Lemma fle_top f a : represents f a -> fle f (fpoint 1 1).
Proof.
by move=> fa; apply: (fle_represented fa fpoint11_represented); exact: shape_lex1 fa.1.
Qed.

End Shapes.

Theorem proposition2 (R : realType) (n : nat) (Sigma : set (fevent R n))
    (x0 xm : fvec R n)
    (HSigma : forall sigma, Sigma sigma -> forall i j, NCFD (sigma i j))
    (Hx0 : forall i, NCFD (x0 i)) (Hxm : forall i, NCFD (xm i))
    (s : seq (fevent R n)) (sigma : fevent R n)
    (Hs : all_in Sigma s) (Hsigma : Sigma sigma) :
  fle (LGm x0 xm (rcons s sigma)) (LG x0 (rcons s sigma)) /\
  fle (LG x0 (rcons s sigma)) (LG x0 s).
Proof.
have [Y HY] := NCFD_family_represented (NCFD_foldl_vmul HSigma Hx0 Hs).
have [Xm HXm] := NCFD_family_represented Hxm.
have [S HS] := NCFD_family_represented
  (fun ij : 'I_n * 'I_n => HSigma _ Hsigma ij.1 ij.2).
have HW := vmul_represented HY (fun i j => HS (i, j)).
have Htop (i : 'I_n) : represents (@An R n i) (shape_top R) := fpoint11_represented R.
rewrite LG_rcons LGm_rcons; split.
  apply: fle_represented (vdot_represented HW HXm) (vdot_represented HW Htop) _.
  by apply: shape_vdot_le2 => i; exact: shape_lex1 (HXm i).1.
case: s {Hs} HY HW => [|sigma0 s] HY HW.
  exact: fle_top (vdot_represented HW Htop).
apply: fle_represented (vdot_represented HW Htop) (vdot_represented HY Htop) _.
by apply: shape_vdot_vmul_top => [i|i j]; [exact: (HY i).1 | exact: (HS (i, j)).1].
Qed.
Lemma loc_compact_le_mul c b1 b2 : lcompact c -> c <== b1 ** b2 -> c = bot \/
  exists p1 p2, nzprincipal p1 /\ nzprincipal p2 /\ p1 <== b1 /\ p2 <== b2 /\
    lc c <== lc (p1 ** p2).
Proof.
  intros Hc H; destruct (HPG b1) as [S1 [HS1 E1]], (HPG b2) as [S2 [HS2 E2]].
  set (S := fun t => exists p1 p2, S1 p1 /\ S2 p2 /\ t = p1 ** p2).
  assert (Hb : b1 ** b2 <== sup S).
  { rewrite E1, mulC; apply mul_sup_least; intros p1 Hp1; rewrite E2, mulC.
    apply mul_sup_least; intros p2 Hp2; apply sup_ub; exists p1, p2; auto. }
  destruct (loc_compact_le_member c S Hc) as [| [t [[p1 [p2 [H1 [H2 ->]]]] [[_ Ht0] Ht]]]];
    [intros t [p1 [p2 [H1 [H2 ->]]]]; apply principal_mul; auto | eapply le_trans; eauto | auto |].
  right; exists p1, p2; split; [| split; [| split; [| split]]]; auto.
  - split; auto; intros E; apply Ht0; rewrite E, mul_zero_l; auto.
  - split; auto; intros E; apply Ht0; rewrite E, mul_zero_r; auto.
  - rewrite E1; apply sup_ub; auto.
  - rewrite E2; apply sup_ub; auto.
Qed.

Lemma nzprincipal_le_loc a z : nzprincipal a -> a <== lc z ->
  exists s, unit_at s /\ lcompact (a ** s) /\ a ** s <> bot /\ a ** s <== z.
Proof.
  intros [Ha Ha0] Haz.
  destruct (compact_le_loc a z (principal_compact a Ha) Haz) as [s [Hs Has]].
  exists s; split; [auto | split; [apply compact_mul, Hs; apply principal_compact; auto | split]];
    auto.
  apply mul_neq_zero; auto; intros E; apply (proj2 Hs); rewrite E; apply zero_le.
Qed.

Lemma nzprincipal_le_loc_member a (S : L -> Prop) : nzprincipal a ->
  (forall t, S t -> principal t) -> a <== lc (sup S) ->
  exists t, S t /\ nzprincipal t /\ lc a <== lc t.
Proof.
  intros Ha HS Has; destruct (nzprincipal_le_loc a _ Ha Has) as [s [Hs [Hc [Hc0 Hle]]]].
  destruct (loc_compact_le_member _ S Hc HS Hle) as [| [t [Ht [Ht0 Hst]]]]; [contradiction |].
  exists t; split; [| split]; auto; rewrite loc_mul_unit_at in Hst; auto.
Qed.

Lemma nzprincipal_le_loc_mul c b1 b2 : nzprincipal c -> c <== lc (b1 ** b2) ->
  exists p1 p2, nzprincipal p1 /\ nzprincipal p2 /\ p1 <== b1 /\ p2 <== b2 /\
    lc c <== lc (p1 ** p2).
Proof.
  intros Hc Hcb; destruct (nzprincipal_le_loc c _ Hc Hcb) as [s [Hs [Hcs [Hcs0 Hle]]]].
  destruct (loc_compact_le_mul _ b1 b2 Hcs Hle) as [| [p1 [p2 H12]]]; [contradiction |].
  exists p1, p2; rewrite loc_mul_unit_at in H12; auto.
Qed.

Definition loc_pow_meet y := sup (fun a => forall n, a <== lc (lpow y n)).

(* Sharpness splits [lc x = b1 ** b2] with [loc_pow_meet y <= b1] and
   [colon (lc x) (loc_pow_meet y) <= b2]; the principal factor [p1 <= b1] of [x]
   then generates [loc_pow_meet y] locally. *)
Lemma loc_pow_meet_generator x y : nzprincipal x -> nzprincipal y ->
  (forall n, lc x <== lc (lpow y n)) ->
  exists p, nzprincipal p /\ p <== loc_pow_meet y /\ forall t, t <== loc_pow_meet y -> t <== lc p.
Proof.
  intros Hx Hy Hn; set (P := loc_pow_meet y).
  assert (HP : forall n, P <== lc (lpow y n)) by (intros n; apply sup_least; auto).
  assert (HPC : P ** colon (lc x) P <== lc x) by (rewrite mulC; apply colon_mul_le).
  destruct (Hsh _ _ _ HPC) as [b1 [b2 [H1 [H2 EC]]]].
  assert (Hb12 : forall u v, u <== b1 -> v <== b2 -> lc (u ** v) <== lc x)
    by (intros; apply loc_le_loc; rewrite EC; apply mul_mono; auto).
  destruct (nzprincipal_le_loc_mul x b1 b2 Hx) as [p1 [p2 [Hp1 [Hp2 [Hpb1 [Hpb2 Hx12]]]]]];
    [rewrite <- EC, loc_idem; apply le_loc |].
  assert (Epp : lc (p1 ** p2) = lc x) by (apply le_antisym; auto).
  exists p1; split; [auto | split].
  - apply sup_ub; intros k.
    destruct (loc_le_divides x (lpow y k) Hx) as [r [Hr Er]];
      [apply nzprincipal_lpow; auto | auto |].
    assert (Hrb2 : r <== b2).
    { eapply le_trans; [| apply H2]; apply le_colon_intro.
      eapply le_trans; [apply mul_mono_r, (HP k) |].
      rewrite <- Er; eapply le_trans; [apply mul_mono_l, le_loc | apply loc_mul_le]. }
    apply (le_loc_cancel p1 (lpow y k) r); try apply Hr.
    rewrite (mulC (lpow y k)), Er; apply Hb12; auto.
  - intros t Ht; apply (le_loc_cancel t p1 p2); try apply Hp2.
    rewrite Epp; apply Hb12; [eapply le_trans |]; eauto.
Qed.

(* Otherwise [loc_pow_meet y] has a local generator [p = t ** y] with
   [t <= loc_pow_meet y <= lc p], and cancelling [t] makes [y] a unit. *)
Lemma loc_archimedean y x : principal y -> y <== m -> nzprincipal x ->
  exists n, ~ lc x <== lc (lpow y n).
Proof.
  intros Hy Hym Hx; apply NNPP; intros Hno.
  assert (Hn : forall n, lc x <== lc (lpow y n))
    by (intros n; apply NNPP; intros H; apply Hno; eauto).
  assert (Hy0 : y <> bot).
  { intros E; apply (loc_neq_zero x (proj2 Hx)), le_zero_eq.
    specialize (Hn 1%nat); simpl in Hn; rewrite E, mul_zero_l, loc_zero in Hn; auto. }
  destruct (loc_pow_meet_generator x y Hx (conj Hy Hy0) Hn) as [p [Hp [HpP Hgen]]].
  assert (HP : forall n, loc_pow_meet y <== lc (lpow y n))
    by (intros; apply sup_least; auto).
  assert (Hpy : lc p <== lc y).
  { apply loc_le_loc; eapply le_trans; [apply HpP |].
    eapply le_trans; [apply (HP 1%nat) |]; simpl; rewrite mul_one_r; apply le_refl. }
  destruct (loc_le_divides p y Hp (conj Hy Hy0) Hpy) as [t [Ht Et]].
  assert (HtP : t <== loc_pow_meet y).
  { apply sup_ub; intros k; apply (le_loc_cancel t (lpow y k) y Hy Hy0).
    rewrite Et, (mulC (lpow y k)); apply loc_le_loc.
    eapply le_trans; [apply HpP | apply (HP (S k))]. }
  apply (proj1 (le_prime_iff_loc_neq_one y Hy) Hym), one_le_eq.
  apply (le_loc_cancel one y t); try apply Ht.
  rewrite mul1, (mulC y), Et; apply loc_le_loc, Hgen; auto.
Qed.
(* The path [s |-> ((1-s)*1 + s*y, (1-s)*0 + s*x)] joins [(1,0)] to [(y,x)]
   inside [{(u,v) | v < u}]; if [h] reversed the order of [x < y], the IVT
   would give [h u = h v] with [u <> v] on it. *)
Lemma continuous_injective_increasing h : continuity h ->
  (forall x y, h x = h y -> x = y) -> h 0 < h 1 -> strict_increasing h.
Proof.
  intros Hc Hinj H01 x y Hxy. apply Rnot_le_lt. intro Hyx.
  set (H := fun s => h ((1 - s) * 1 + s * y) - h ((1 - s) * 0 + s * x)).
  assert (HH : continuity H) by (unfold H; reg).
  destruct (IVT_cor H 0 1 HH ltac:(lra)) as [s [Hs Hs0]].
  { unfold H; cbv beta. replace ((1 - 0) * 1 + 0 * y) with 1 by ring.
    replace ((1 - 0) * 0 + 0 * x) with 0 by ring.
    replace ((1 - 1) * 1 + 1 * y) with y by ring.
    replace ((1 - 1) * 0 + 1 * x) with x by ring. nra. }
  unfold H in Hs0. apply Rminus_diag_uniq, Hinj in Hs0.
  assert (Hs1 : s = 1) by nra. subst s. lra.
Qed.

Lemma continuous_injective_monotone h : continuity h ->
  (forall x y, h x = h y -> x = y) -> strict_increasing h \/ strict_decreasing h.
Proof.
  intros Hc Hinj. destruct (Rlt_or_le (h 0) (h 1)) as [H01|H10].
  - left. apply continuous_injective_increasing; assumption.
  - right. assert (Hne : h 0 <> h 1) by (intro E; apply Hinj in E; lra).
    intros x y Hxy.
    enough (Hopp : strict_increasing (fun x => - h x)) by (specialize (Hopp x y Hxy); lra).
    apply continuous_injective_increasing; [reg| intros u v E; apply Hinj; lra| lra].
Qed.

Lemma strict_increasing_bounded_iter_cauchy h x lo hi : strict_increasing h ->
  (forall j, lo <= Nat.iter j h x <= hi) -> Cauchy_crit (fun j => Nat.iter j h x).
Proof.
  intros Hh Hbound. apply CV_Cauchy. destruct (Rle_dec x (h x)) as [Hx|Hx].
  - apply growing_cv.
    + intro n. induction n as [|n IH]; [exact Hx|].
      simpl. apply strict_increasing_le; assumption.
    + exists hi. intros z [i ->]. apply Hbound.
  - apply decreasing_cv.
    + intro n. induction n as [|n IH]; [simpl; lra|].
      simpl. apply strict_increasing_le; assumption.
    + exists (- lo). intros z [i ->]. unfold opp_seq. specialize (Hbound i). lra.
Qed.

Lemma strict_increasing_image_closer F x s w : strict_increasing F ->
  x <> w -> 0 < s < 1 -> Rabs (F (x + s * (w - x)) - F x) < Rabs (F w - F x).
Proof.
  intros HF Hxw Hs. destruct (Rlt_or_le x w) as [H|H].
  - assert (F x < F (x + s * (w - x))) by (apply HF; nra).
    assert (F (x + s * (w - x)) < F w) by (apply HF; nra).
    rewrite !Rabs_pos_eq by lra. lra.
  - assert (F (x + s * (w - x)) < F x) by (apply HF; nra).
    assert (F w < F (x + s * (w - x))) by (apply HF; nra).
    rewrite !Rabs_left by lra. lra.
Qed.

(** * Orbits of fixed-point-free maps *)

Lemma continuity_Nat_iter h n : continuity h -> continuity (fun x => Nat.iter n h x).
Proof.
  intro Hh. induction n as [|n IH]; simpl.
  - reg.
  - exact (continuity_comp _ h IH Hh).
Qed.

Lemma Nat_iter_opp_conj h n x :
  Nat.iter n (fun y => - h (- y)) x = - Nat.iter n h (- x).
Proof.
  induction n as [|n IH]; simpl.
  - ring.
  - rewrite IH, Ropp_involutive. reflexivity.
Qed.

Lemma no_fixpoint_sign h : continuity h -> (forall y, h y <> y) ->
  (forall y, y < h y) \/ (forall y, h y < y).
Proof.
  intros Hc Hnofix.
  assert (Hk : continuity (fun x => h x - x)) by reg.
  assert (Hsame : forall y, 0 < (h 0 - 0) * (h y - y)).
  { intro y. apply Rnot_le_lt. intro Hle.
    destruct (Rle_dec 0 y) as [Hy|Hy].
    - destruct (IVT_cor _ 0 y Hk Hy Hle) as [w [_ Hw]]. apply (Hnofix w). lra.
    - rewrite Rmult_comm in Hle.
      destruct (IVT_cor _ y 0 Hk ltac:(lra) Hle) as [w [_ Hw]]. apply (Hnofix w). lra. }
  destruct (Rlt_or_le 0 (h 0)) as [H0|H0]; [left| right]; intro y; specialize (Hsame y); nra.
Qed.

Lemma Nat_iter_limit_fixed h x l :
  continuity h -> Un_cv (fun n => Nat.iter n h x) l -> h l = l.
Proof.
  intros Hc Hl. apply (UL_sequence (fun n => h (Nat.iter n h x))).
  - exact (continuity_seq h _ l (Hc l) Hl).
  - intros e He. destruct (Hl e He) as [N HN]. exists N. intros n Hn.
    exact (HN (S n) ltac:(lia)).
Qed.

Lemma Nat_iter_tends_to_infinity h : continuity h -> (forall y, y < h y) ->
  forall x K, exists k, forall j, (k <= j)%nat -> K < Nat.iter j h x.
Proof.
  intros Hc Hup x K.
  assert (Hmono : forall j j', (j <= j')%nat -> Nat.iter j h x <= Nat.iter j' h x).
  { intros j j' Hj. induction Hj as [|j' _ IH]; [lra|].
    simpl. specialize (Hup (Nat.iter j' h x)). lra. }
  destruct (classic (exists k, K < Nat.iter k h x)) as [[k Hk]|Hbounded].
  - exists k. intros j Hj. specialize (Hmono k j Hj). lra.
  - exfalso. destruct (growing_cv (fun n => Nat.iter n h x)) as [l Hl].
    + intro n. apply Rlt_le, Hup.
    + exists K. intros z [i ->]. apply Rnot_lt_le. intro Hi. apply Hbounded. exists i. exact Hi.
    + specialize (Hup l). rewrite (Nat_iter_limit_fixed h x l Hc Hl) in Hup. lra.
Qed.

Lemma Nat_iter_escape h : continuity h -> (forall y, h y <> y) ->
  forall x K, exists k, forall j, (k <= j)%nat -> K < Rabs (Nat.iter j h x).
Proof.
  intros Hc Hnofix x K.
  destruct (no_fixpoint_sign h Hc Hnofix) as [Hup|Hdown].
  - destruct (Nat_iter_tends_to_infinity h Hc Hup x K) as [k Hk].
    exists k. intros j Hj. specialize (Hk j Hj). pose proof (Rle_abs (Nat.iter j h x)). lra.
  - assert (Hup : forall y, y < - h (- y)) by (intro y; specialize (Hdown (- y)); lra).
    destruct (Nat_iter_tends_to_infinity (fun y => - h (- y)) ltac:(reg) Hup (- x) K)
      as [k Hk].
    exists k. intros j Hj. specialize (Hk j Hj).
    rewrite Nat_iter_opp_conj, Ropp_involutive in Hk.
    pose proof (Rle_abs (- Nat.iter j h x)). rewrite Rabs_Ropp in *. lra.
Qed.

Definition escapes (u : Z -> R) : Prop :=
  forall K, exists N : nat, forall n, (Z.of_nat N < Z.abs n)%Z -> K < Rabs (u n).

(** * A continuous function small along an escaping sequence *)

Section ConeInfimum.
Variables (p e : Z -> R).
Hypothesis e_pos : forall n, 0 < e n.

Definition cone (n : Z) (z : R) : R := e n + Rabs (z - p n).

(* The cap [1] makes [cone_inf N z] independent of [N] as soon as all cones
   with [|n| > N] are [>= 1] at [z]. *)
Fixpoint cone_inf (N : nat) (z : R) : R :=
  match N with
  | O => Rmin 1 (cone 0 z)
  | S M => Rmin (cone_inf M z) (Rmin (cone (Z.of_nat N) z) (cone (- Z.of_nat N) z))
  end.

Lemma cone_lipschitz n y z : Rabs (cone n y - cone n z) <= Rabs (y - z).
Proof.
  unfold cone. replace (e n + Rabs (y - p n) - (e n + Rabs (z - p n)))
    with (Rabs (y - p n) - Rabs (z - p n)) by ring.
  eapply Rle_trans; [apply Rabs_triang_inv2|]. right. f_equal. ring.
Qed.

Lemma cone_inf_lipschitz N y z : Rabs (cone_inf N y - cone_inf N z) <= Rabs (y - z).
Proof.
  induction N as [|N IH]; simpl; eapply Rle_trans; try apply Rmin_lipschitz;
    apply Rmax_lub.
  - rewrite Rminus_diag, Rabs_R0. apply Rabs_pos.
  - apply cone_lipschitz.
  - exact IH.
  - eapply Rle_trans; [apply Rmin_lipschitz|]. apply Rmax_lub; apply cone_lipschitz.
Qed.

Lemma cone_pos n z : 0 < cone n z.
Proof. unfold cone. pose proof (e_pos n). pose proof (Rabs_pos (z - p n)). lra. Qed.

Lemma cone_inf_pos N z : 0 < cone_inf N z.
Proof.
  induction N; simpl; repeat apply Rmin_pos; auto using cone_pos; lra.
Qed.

----

-- EXERCISE OBJECTIVE --
Using the records above, set down exactly the lines from the one with "have [Y HY]" through the one with "by apply: shape_vdot_le2", inclusive, and nothing more.

-- TASK OUTPUT --
have [Y HY] := NCFD_family_represented (NCFD_foldl_vmul HSigma Hx0 Hs).
have [Xm HXm] := NCFD_family_represented Hxm.
have [S HS] := NCFD_family_represented
  (fun ij : 'I_n * 'I_n => HSigma _ Hsigma ij.1 ij.2).
have HW := vmul_represented HY (fun i j => HS (i, j)).
have Htop (i : 'I_n) : represents (@An R n i) (shape_top R) := fpoint11_represented R.
rewrite LG_rcons LGm_rcons; split.
  apply: fle_represented (vdot_represented HW HXm) (vdot_represented HW Htop) _.
  by apply: shape_vdot_le2 => i; exact: shape_lex1 (HXm i).1.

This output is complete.